# Class Action Suit Against Ebay



## Randy Stone (Jan 2, 2008)

I received a check in the mail today pertaining to the Yingling versus Ebay class action suit. 

Seems the suit had something to do with fees I had paid in the time period from April 21st 2005 to August 26th 2009. 

Funny thing is, I don't remember being asked if I wanted to be included in the lawsuit.

Funnier that that is the amount of the check. $0.53.

And I have to cash or deposit the check on or before Dec 22nd 2011.

Yingling? Isn't that a beer?


----------



## shaneclara (Dec 27, 2007)

Yes it is and it's not half bad. A class action lawsuit is non voluntary. They audit eBay's records and if your name is in their records for the time period being investigated, you get paid. pretty simple.


----------



## Ralph Berg (Jun 2, 2009)

I'm anxiously awaiting my check. Hopefully mine will be as large as yours. I need to buy a stamp








Ralph


----------



## gtrainman (Jan 5, 2008)

I got one also last week but for a little bit more. It must be based on a percentage of your account.


----------



## Scottychaos (Jan 2, 2008)

I once received a check for 17 cents from the state of NY.. 
cost them 25 cents to mail it! 
I never bothered to cash it.. 

Scot


----------



## Greg Elmassian (Jan 3, 2008)

it may only be 53 cents, but the suit penalized ebay $30 million 

The good news is that ebay will be much more careful in the future. 

The bad news is that you can bet your a** that ebay will increase fees to recoup that $30 milliion. 

http://www.auctionbytes.com/cab/cab/abn/y11/m01/i13/s06 

Regards, Greg


----------



## Nutz-n-Bolts (Aug 12, 2010)

My check came for 5.32 I was doing a lot of selling at the time.
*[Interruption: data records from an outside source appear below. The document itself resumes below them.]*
(* Let $P$ be a finite lattice and $R,R'\in\mathrm{Tr}(P)$ with $\chi^R=\chi^{R'}$. Then $\chi^{R\vee R'}=\chi^R=\chi^{R'}$, where $R\vee R'$ is the join in $\mathrm{Tr}(P)$.
   Context: For a finite lattice $(P,\le)$, a transfer system on $P$ is a partial order $R$ on $P$ refining $\le$ that is closed under restriction: if $x\,R\,z$ and $y\le z$ then $(x\wedge y)\,R\,y$. $\mathrm{Tr}(P)$ is the lattice of transfer systems ordered by inclusion of relations; the join $R\vee R'$ is the smallest transfer system containing both. For $R\in\mathrm{Tr}(P)$ and $x\in P$, $\chi^R(x)$ denotes the least element of $\{y\in P: y\,R\,x\}$ (which exists). *)

From HB Require Import structures.
From mathcomp Require Import all_boot all_order.
Set Implicit Arguments. Unset Strict Implicit. Unset Printing Implicit Defensive.
Import Order.Theory.
Local Open Scope order_scope.

Section TransferSystems.
Context {disp : Order.disp_t} {P : finTBLatticeType disp}.

Definition transfer_system (R : rel P) : bool :=
  [&& [forall x, R x x],
      [forall x, forall y, (R x y && R y x) ==> (x == y)],
      [forall x, forall y, forall z, (R x y && R y z) ==> R x z],
      [forall x, forall y, R x y ==> (x <= y)] &
      [forall x, forall y, forall z, (R x z && (y <= z)) ==> R (x `&` y) y]].

Definition subrelb (R S : rel P) : bool := [forall x, forall y, R x y ==> S x y].

(* join in Tr(P): the smallest transfer system containing R and R'
   (intersection of all transfer systems containing both; finite quantification
   over all relations on P, encoded as finite functions). *)
Definition tr_join (R R' : rel P) : rel P :=
  fun x y => [forall T : {ffun P -> {ffun P -> bool}},
    (transfer_system (fun a b => T a b) && subrelb R (fun a b => T a b)
       && subrelb R' (fun a b => T a b)) ==> T x y].

(* chi^R(x): least element of {y | y R x}; for a transfer system this set
   contains x and is closed under meets, so its least element is its meet. *)
Definition chi (R : rel P) (x : P) : P := \meet_(y | R y x) y.

End TransferSystems.

(* Write [c] for [chi R = chi R'].  Since [c] is deflationary, monotone and
   idempotent, the relation [a <= b /\ c b <= a] is a transfer system, and it
   contains every transfer system refining [<=] whose [chi] is [c]; in
   particular it contains [R] and [R'], hence their join.  So every [y] related
   to [x] by the join lies above [c x], while [c x] itself is related to [x]
   already by [R]: the least such [y] is [c x]. *)

From mathcomp Require Import all_boot all_order.
Set Implicit Arguments.
Unset Strict Implicit.
Unset Printing Implicit Defensive.
Import Order.Theory.
Local Open Scope order_scope.

Section TransferSystemTheory.
Context {disp : Order.disp_t} {P : finTBLatticeType disp}.
Implicit Types (R S : rel P) (x y z : P).

Lemma transfer_systemP R :
  reflect [/\ reflexive R, antisymmetric R, transitive R, subrel R <=%O &
              forall x y z, R x z -> y <= z -> R (x `&` y) y]
          (transfer_system R).
Proof.
apply: (iffP and5P) => [[/forallP refl /forallP anti /forallP trans
                          /forallP le /forallP restr] | [refl anti trans le restr]].
  split=> [x | x y /andP[Rxy Ryx] | y x z Rxy Ryz | x y Rxy | x y z Rxz le_yz].
  - exact: refl.
  - by apply/eqP; move: (anti x) => /forallP/(_ y)/implyP; apply; rewrite Rxy.
  - by move: (trans x) => /forallP/(_ y)/forallP/(_ z)/implyP; apply; rewrite Rxy.
  - by move: (le x) => /forallP/(_ y)/implyP; apply.
  - by move: (restr x) => /forallP/(_ y)/forallP/(_ z)/implyP; apply; rewrite Rxz le_yz.
split; apply/forallP => x; do ?[apply/forallP => ?].
- exact: refl.
- by apply/implyP => /anti ->.
- by apply/implyP => /andP[]; apply: trans.
- by apply/implyP; apply: le.
- by apply/implyP => /andP[]; apply: restr.
Qed.

Lemma transfer_system_le R : transfer_system R -> subrel R <=%O.
Proof. by case/transfer_systemP. Qed.

Lemma eq_transfer_system R S : R =2 S -> transfer_system R = transfer_system S.
Proof.
move=> eRS; rewrite /transfer_system.
by congr [&& _, _, _, _ & _]; do ![apply: eq_forallb => ?]; rewrite !eRS.
Qed.

Lemma eq_subrelbr T R S : R =2 S -> subrelb T R = subrelb T S.
Proof. by move=> eRS; do ![apply: eq_forallb => ?]; rewrite eRS. Qed.

Lemma chi_min R x y : R y x -> chi R x <= y.
Proof. exact: meets_inf. Qed.

Lemma tr_joinl R R' x y : R x y -> tr_join R R' x y.
Proof.
move=> Rxy; apply/forallP => T; apply/implyP => /andP[/andP[_ /forallP subRT] _].
by move: (subRT x) => /forallP/(_ y)/implyP; apply.
Qed.

Lemma tr_join_min R R' T : transfer_system T ->
  subrelb R T -> subrelb R' T -> subrel (tr_join R R') T.
Proof.
pose fT := [ffun a => [ffun b => T a b]].
have eT : (fun a b => fT a b) =2 T by move=> a b; rewrite !ffunE.
move=> tsT subRT subR'T x y /forallP/(_ fT)/implyP.
rewrite (eq_transfer_system eT) !(eq_subrelbr _ eT) tsT subRT subR'T => /(_ isT).
by rewrite !ffunE.
Qed.

Section ChiOfTransferSystem.
Variable R : rel P.
Hypothesis tsR : transfer_system R.

Lemma chi_rel x : R (chi R x) x.
Proof.
have /transfer_systemP[refl _ trans le restr] := tsR.
suff : R (x `&` chi R x) x by rewrite (meet_idPr (chi_min (refl x))).
(* Restricting along [x `&` b <= x] makes the predecessors of [x] closed under meets. *)
apply: (big_ind (fun m => R (x `&` m) x)) => [|a b Ra Rb|y Ryx].
- by rewrite meetx1.
- rewrite -[x in x `&` _]meetxx meetACA.
  by apply: (trans _ _ _ _ Rb); apply: restr Ra _; rewrite leIl.
- by rewrite (meet_idPr (le _ _ Ryx)).
Qed.

Lemma chi_le x : chi R x <= x.
Proof. by apply: chi_min; case/transfer_systemP: tsR. Qed.

Lemma chi_homo : {homo chi R : x y / x <= y}.
Proof.
move=> x y le_xy; have /transfer_systemP[_ _ _ _ restr] := tsR.
have /chi_min le_cx : R (chi R y `&` x) x by apply: restr le_xy; apply: chi_rel.
exact: le_trans le_cx (leIl _ _).
Qed.

Lemma chi_idem x : chi R (chi R x) = chi R x.
Proof.
apply/le_anti; rewrite chi_le chi_min //.
by case/transfer_systemP: tsR => _ _ trans _ _; apply: trans (chi_rel _) (chi_rel _).
Qed.

End ChiOfTransferSystem.

Section InteriorTransferSystem.
Variable c : P -> P.
Hypotheses (c_le : forall x, c x <= x) (c_homo : {homo c : x y / x <= y})
           (c_idem : forall x, c (c x) = c x).

Definition interior_rel : rel P := fun a b => (a <= b) && (c b <= a).

Lemma interior_rel_transfer_system : transfer_system interior_rel.
Proof.
apply/transfer_systemP; split.
- by move=> x; rewrite /interior_rel lexx c_le.
- by move=> x y /andP[/andP[le_xy _] /andP[le_yx _]]; apply/le_anti; rewrite le_xy.
- move=> y x z /andP[le_xy le_cyx] /andP[le_yz le_czy].
  by rewrite /interior_rel (le_trans le_xy) // -c_idem (le_trans (c_homo le_czy)).
- by move=> x y /andP[].
- move=> x y z /andP[_ le_czx] le_yz.
  by rewrite /interior_rel leIr lexI c_le (le_trans (c_homo le_yz)).
Qed.

Lemma subrelb_interior_rel S : subrel S <=%O -> chi S =1 c -> subrelb S interior_rel.
Proof.
move=> leS chiS; do 2![apply/forallP => ?]; apply/implyP => Sab.
by rewrite /interior_rel leS // -chiS chi_min.
Qed.

End InteriorTransferSystem.

End TransferSystemTheory.

Theorem lemma2p8 (disp : Order.disp_t) (P : finTBLatticeType disp) (R R' : rel P) :
  transfer_system R -> transfer_system R' ->
  (forall x : P, chi R x = chi R' x) ->
  forall x : P, chi (tr_join R R') x = chi R x /\ chi (tr_join R R') x = chi R' x.
Proof.
move=> tsR tsR' chiRR' x; rewrite -chiRR'.
suff -> : chi (tr_join R R') x = chi R x by [].
have join_interior : subrel (tr_join R R') (interior_rel (chi R)).
  apply: tr_join_min.
  - by apply: interior_rel_transfer_system; [exact: chi_le | exact: chi_homo | exact: chi_idem].
  - exact: subrelb_interior_rel (transfer_system_le tsR) (frefl _).
  - by apply: subrelb_interior_rel (transfer_system_le tsR') _ => y; rewrite chiRR'.
apply/le_anti/andP; split.
- exact/chi_min/tr_joinl/chi_rel.
- by apply/meetsP => y /join_interior /andP[].
Qed.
It's for fees they charged to sellers based on final auction value. If it was for fees on the buying side my check would have been much bigger!


----------



## Robby D (Oct 15, 2009)

I got a big check today for .01 cents


----------



## rmcintir (Apr 24, 2009)

Thank goodness some poor starving lawyers were able to solve the real problem and put a little food on the table!


----------



## Steve S. (Jan 2, 2008)

Posted By Greg Elmassian on 05 Dec 2011 06:33 PM 
it may only be 53 cents, but the suit penalized ebay $30 million 

My bet is that the Buzzard lawyers got most of it.
[/b]


----------



## Greg Elmassian (Jan 3, 2008)

Read the link, it states who got what... 

Greg


----------